Pourquoi les documents complémentaires font désormais partie de la réputation scientifique
Il y a dix ans, les annexes n’étaient qu’un « accompagnement » de l’article. Aujourd’hui, la situation s’est inversée. Dans les publications internationales, les documents complémentaires sont devenus un facteur clé de crédibilité, en particulier en biomédecine et en science des données. Le volume de données augmente si rapidement qu’il est impossible de les faire tenir dans les limites d’une page imprimée. Les revues imposent des limites strictes sur le nombre de mots et d’illustrations, obligeant les auteurs à mettre l’essentiel « entre parenthèses ».

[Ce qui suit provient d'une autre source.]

(* Let $\mathcal{S}\subseteq\mathcal{S}^N$ be a closed set such that for every $\bm S\in\mathbb{R}^{N\times N}$ the Frobenius-norm projection $P_{\mathcal{S}}(\bm S):=\arg\min_{\hat{\bm S}\in\mathcal{S}}\Vert\bm S-\hat{\bm S}\Vert_{\rm F}$ is unique. Fix $\bm\Lambda_o\in\mathcal{D}_N$ with non-increasing diagonal entries and let $\mathcal{M}:=\{\bm V\bm\Lambda_o\bm V^T:\bm V\in{\rm O}(N)\}$. Let $\bm S_0\in\mathcal{M}$ and generate a sequence by the alternating projections method $$\bm S_{k+1/2}=P_{\mathcal{S}}(\bm S_k),\qquad \bm S_{k+1}\in P_{\mathcal{M}}(\bm S_{k+1/2}),$$ where for $\bm Y\in\mathcal{S}^N$, $P_{\mathcal{M}}(\bm Y)$ denotes the set of matrices $\bm Q\bm\Lambda_o\bm Q^T$ over all eigendecompositions $\bm Y=\bm Q\bm\Lambda\bm Q^T$ ($\bm Q\in{\rm O}(N)$) with non-increasing diagonal $\bm\Lambda$. Then there exists a limit point $\bm S$ of the sequence $(\bm S_k)$ which is a fixed point of this iteration and satisfies $$\Vert\bm S-P_{\mathcal{S}}(\bm S)\Vert=\lim_{k\to\infty}\Vert\bm S_k-P_{\mathcal{S}}(\bm S_k)\Vert .$$ Moreover, if this limit is zero, then $\bm S\in\mathcal{S}\cap\mathcal{M}$.
   Context: $\mathcal{S}^N$ denotes the set of real symmetric $N\times N$ matrices, $\mathcal{D}_N$ the set of real $N\times N$ diagonal matrices, ${\rm O}(N)$ the set of $N\times N$ real orthogonal matrices. A diagonal matrix $\bm\Lambda$ has non-increasing diagonal entries if $[\bm\Lambda]_{ii}\ge[\bm\Lambda]_{jj}$ for $i<j$. Fixed point: a matrix $\bm S\in\mathcal{S}^N$ is a fixed point of the alternating projections iteration if there exists an eigendecomposition $P_{\mathcal{S}}(\bm S)=\bm Q\bm\Lambda\bm Q^T$ with $\bm Q\in{\rm O}(N)$ and non-increasing diagonal $\bm\Lambda$ such that $\bm S=\bm Q\bm\Lambda_o\bm Q^T$; equivalently $\bm S\in P_{\mathcal{M}}(P_{\mathcal{S}}(\bm S))$. *)

From Stdlib Require Import Reals.
From mathcomp Require Import all_boot.

Set Implicit Arguments.
Unset Strict Implicit.

Local Open Scope R_scope.

Definition Mat (N : nat) := 'I_N -> 'I_N -> R.

Definition mmul {N : nat} (A B : Mat N) : Mat N :=
  fun i j => \big[Rplus/0]_(k < N) (A i k * B k j).

Definition mtr {N : nat} (A : Mat N) : Mat N := fun i j => A j i.

Definition msub {N : nat} (A B : Mat N) : Mat N := fun i j => A i j - B i j.

Definition idm (N : nat) : Mat N := fun i j => if i == j then 1 else 0.

Definition is_orthogonal {N : nat} (Q : Mat N) : Prop := mmul (mtr Q) Q = @idm N.

Definition is_symmetric {N : nat} (A : Mat N) : Prop := mtr A = A.

Definition is_diagonal {N : nat} (D : Mat N) : Prop :=
  forall i j : 'I_N, i <> j -> D i j = 0.

Definition nonincreasing {N : nat} (D : Mat N) : Prop :=
  forall i j : 'I_N, (i < j)%N -> D j j <= D i i.

Definition frob {N : nat} (A : Mat N) : R :=
  sqrt (\big[Rplus/0]_(i < N) \big[Rplus/0]_(j < N) (A i j * A i j)).

Definition mdist {N : nat} (A B : Mat N) : R := frob (msub A B).

Definition mat_cv {N : nat} (u : nat -> Mat N) (L : Mat N) : Prop :=
  forall i j : 'I_N, Un_cv (fun k => u k i j) (L i j).

(* closed set (sequentially closed, equivalent in R^{N x N}) *)
Definition mat_closed {N : nat} (C : Mat N -> Prop) : Prop :=
  forall (u : nat -> Mat N) (L : Mat N),
    (forall k, C (u k)) -> mat_cv u L -> C L.

Definition is_proj {N : nat} (C : Mat N -> Prop) (X P : Mat N) : Prop :=
  C P /\ forall Y, C Y -> mdist X P <= mdist X Y.

Definition Mset {N : nat} (Lo : Mat N) (X : Mat N) : Prop :=
  exists V, is_orthogonal V /\ X = mmul (mmul V Lo) (mtr V).

Definition in_PM {N : nat} (Lo : Mat N) (Y X : Mat N) : Prop :=
  exists Q L : Mat N, is_orthogonal Q /\ is_diagonal L /\ nonincreasing L /\
    Y = mmul (mmul Q L) (mtr Q) /\ X = mmul (mmul Q Lo) (mtr Q).

Definition mat_limit_point {N : nat} (u : nat -> Mat N) (L : Mat N) : Prop :=
  exists phi : nat -> nat, (forall k, (phi k < phi (Datatypes.S k))%nat) /\
    mat_cv (fun k => u (phi k)) L.

From Stdlib Require Import Reals Lra Lia FunctionalExtensionality ClassicalEpsilon.
From mathcomp Require Import all_boot ssralg matrix.
From mathcomp Require Import Rstruct.

(* Write d_k = ||S_k - S_{k+1/2}||, e_k = ||S_{k+1} - S_{k+1/2}||.  The
   projection step onto C gives d_{k+1} <= e_k.  The eigen-step gives
   e_k <= d_k: for Y = Q L Q^T (L diagonal, non-increasing) the matrix
   Q Lo Q^T is a closest point of M to Y, because by the rearrangement
   inequality for the doubly stochastic matrix (W_ij^2), W = V^T Q, one has
   <V Lo V^T, Q L Q^T> <= <Lo, L>.  Hence (d_k) decreases to some dl.  The
   eigendecompositions (Q_k, L_k) of S_{k+1/2} are bounded, so a subsequence
   converges to (Q0, L0); along it S_{k+1} -> S = Q0 Lo Q0^T and
   S_{k+1/2} -> Y = Q0 L0 Q0^T in C, and squeezing e_k between d_{k+1} and d_k
   shows ||S - Y|| = dl <= ||S - Z|| for every Z in C.  So Y is a projection
   of S onto C, S is obtained from Y by the eigen-step, and S is the fixed
   point of the theorem. *)

Local Open Scope R_scope.

Notation "\sR_ ( i < n ) F" := (\big[Rplus/0]_(i < n) F)
  (at level 41, F at level 41, i, n at level 50).

Lemma sumR_le (I : Type) (r : seq I) (P : pred I) (F G : I -> R) :
  (forall i, P i -> F i <= G i) ->
  \big[Rplus/0]_(i <- r | P i) F i <= \big[Rplus/0]_(i <- r | P i) G i.
Proof.
move=> H; apply: (big_ind2 (fun x y => x <= y)); first exact: Rle_refl.
- by move=> *; apply: Rplus_le_compat.
- exact: H.
Qed.

Lemma sumR_ge0 (I : Type) (r : seq I) (P : pred I) (F : I -> R) :
  (forall i, P i -> 0 <= F i) -> 0 <= \big[Rplus/0]_(i <- r | P i) F i.
Proof.
move=> H; apply: (big_ind (fun x => 0 <= x)); first exact: Rle_refl.
- by move=> *; apply: Rplus_le_le_0_compat.
- exact: H.
Qed.

Lemma Rabs_sum (I : Type) (r : seq I) (P : pred I) (F : I -> R) :
  Rabs (\big[Rplus/0]_(i <- r | P i) F i) <= \big[Rplus/0]_(i <- r | P i) Rabs (F i).
Proof.
apply: (big_ind2 (fun x y => Rabs x <= y)).
- rewrite Rabs_R0; exact: Rle_refl.
- move=> x1 x2 y1 y2 H1 H2; apply: Rle_trans (Rabs_triang _ _) _; lra.
- move=> i _; exact: Rle_refl.
Qed.

Lemma sum_ge_term (I : finType) (F : I -> R) i : (forall j, 0 <= F j) ->
  F i <= \big[Rplus/0]_(j : I) F j.
Proof.
move=> H; rewrite (bigD1 i) //=.
have : 0 <= \big[Rplus/0]_(j | true && (j != i)) F j by apply: sumR_ge0 => j _.
simpl; lra.
Qed.

Lemma sum_split (F : nat -> R) m n : (m <= n)%N ->
  \sR_(i < n) F i = \sR_(i < m) F i + \big[Rplus/0]_(m <= i < n) F i.
Proof.
move=> Hmn; rewrite -!(big_mkord xpredT).
exact: (@big_cat_nat _ _ _ m 0 n _ _ (leq0n m) Hmn).
Qed.
Arguments sum_split F {m n}.

Lemma sum_nat0 (F : nat -> R) m n :
  (forall i, (m <= i)%N -> F i = 0) -> \big[Rplus/0]_(m <= i < n) F i = 0.
Proof.
move=> H; rewrite big_nat_cond big1 // => i /andP[/andP[Hi _] _]; exact: H.
Qed.

Lemma sum_indicator (p n : nat) : (p < n)%N ->
  \sR_(j < n) (if (j <= p)%N then 1 else 0) = \sR_(i < p.+1) 1.
Proof.
move=> Hp; rewrite (sum_split (fun j : nat => if (j <= p)%N then 1 else 0) Hp).
rewrite [X in _ + X = _]sum_nat0 => [|i Hi]; last by rewrite leqNgt Hi.
rewrite Rplus_0_r; apply: eq_bigr => i _; by rewrite -ltnS ltn_ord.
Qed.

Lemma sum_le_widen (F : nat -> R) m n : (m <= n)%N ->
  (forall i, (m <= i < n)%N -> 0 <= F i) ->
  \sR_(i < m) F i <= \sR_(i < n) F i.
Proof.
move=> Hmn H; rewrite (sum_split F Hmn).
have : 0 <= \big[Rplus/0]_(m <= i < n) F i.
  rewrite big_nat_cond; apply: sumR_ge0 => i /andP[Hi _]; exact: H.
lra.
Qed.
Arguments sum_le_widen F {m n}.

Lemma abel_summation (a c : nat -> R) n :
  \sR_(i < n) (a i * c i) =
  \sR_(p < n) ((a p - a p.+1) * \sR_(i < p.+1) c i) + a n * \sR_(i < n) c i.
Proof.
elim: n => [|n IH]; first by rewrite !big_ord0; ring.
rewrite big_ord_recr /= IH.
rewrite [\big[Rplus/0]_(p < n.+1) _]big_ord_recr /=.
rewrite [\big[Rplus/0]_(i < n.+1) c i]big_ord_recr /=; ring.
Qed.

(** * Rearrangement inequality for doubly stochastic weights *)

Section Rearrangement.
Variables (n : nat) (P : nat -> nat -> R).
Hypothesis P_ge0 : forall i j, (i < n)%N -> (j < n)%N -> 0 <= P i j.
Hypothesis P_rows : forall i, (i < n)%N -> \sR_(j < n) P i j = 1.
Hypothesis P_cols : forall j, (j < n)%N -> \sR_(i < n) P i j = 1.

Lemma stochastic_partial_sum_le (b : nat -> R) (p : nat) :
  (forall q, b q.+1 <= b q) -> (p < n)%N ->
  \sR_(i < p.+1) \sR_(j < n) (P i j * b j) <= \sR_(i < p.+1) b i.
Proof.
move=> b_dec Hp.
set G := fun j => \sR_(i < p.+1) P i j.
set ind := fun j : nat => if (j <= p)%N then 1 else 0.
have -> : \sR_(i < p.+1) \sR_(j < n) (P i j * b j) = \sR_(j < n) (b j * G j).
  rewrite exchange_big /=; apply: eq_bigr => j _.
  rewrite /G big_distrr /=; apply: eq_bigr => i _; ring.
have -> : \sR_(i < p.+1) b i = \sR_(j < n) (b j * ind j).
  rewrite (sum_split (fun j => b j * ind j) Hp).
  rewrite [X in _ = _ + X]sum_nat0 => [|i Hi]; last by rewrite /ind leqNgt Hi /=; ring.
  rewrite Rplus_0_r; apply: eq_bigr => i _; rewrite /ind -ltnS ltn_ord; ring.
have sumG : \sR_(j < n) G j = \sR_(i < p.+1) 1.
  rewrite /G exchange_big /=; apply: eq_bigr => i _; apply: P_rows.
  exact: leq_trans (ltn_ord i) Hp.
have G_ge0 : forall j, (j < n)%N -> 0 <= G j.
  move=> j Hj; apply: sumR_ge0 => i _; apply: P_ge0 => //.
  exact: leq_trans (ltn_ord i) Hp.
have G_le1 : forall j, (j < n)%N -> G j <= 1.
  move=> j Hj; rewrite -(P_cols j Hj) /G.
  apply: (sum_le_widen (fun i => P i j)) => // i /andP[_ Hi]; exact: P_ge0.
rewrite (abel_summation b G) (abel_summation b ind) sumG /ind sum_indicator //.
apply: Rplus_le_compat_r; apply: sumR_le => q _.
apply: Rmult_le_compat_l; first by have := b_dec q; lra.
case: (leqP q p) => Hqp.
- apply: sumR_le => j _.
  have -> : (j <= p)%N by apply: leq_trans Hqp; rewrite -ltnS ltn_ord.
  apply: G_le1; apply: leq_ltn_trans (ltn_ord q); by rewrite -ltnS ltn_ord.
- rewrite (@sum_indicator p q.+1 (leqW Hqp)) -sumG.
  apply: (sum_le_widen G) => // i /andP[_ Hi]; exact: G_ge0.
Qed.

Lemma rearrangement (a b : nat -> R) :
  (forall q, a q.+1 <= a q) -> (forall q, b q.+1 <= b q) ->
  \sR_(i < n) (a i * \sR_(j < n) (P i j * b j)) <= \sR_(i < n) (a i * b i).
Proof.
move=> a_dec b_dec.
rewrite (abel_summation a (fun i => \sR_(j < n) (P i j * b j))) (abel_summation a b).
have -> : \sR_(i < n) \sR_(j < n) (P i j * b j) = \sR_(i < n) b i.
  rewrite exchange_big /=; apply: eq_bigr => j _.
  rewrite -big_distrl /= P_cols //; ring.
apply: Rplus_le_compat_r; apply: sumR_le => p _.
apply: Rmult_le_compat_l; first by have := a_dec p; lra.
exact: stochastic_partial_sum_le.
Qed.
End Rearrangement.

(* The diagonal of a matrix on 'I_n.+1, extended constantly to all of nat. *)
Definition diag_seq {n} (D : Mat n.+1) (k : nat) : R :=
  D (inord (minn k n)) (inord (minn k n)).

Lemma diag_seqE n (D : Mat n.+1) (i : 'I_n.+1) : diag_seq D i = D i i.
Proof.
rewrite /diag_seq; have -> : minn i n = i by apply/minn_idPl; apply: leq_ord.
by rewrite inord_val.
Qed.

Lemma diag_seq_dec n (D : Mat n.+1) : nonincreasing D ->
  forall q, diag_seq D q.+1 <= diag_seq D q.
Proof.
move=> HD q; rewrite /diag_seq; case: (leqP n q) => Hq.
- have -> : minn q.+1 n = n by apply/minn_idPr; apply: leqW.
  exact: Rle_refl.
- have -> : minn q.+1 n = q.+1 by apply/minn_idPl.
  apply: HD; rewrite !inordK //; exact: ltnW.
Qed.

(** * Matrix algebra through MathComp matrices *)

Definition tomx {N} (A : Mat N) : 'M[R]_N := \matrix_(i, j) A i j.

Lemma tomx_inj {N} (A B : Mat N) : tomx A = tomx B -> A = B.
Proof.
move=> H; apply: functional_extensionality => i;
  apply: functional_extensionality => j.
by have := congr1 (fun M : 'M[R]_N => M i j) H; rewrite !mxE.
Qed.

Lemma tomx_mul {N} (A B : Mat N) : tomx (mmul A B) = (tomx A *m tomx B)%R.
Proof. apply/matrixP => i j; rewrite !mxE; apply: eq_bigr => k _; by rewrite !mxE. Qed.

Lemma tomx_tr {N} (A : Mat N) : tomx (mtr A) = ((tomx A)^T)%R.
Proof. by apply/matrixP => i j; rewrite !mxE. Qed.

Lemma tomx_id N : tomx (@idm N) = (1%:M)%R.
Proof. apply/matrixP => i j; rewrite !mxE /idm; by case: (i == j). Qed.

Lemma mmulA {N} (A B C : Mat N) : mmul (mmul A B) C = mmul A (mmul B C).
Proof. apply: tomx_inj; rewrite !tomx_mul; symmetry; apply: mulmxA. Qed.

Lemma mtr_mul {N} (A B : Mat N) : mtr (mmul A B) = mmul (mtr B) (mtr A).
Proof.
apply: tomx_inj.
rewrite (@tomx_tr _ (mmul A B)) !tomx_mul (@tomx_tr _ A) (@tomx_tr _ B); apply: trmx_mul.
Qed.

Lemma mmul1 {N} (A : Mat N) : mmul (@idm N) A = A.
Proof. apply: tomx_inj; rewrite tomx_mul tomx_id; apply: mul1mx. Qed.

Lemma mmulr1 {N} (A : Mat N) : mmul A (@idm N) = A.
Proof. apply: tomx_inj; rewrite tomx_mul tomx_id; apply: mulmx1. Qed.

(* A left inverse of a square matrix is a right inverse. *)
Lemma orth_r {N} {Q : Mat N} : is_orthogonal Q -> mmul Q (mtr Q) = @idm N.
Proof.
move=> /(congr1 tomx); rewrite tomx_mul tomx_id => H.
apply: tomx_inj; rewrite tomx_mul tomx_id; exact: mulmx1C.
Qed.

Lemma orth_tr_mul {N} (V Q : Mat N) :
  is_orthogonal V -> is_orthogonal Q -> is_orthogonal (mmul (mtr V) Q).
Proof.
move=> HV HQ; rewrite /is_orthogonal mtr_mul; change (mtr (mtr V)) with V.
rewrite mmulA -(mmulA V) (orth_r HV) mmul1.
exact: HQ.
Qed.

C’est là que réside le paradoxe. Formellement, ces documents restent dans l’ombre, mais c’est précisément en eux que se cache la base probante : les données brutes, les algorithmes complets et les protocoles détaillés. Les éditeurs Nature, Elsevier et Springer Nature exigent une transparence maximale de la part des auteurs. Si le texte principal contient un beau graphique, mais que l’annexe ne comporte pas de tableau avec les chiffres bruts, la crédibilité du travail s’effondre instantanément. Ignorer cette section transforme une recherche approfondie en un rapport superficiel, facile à contester.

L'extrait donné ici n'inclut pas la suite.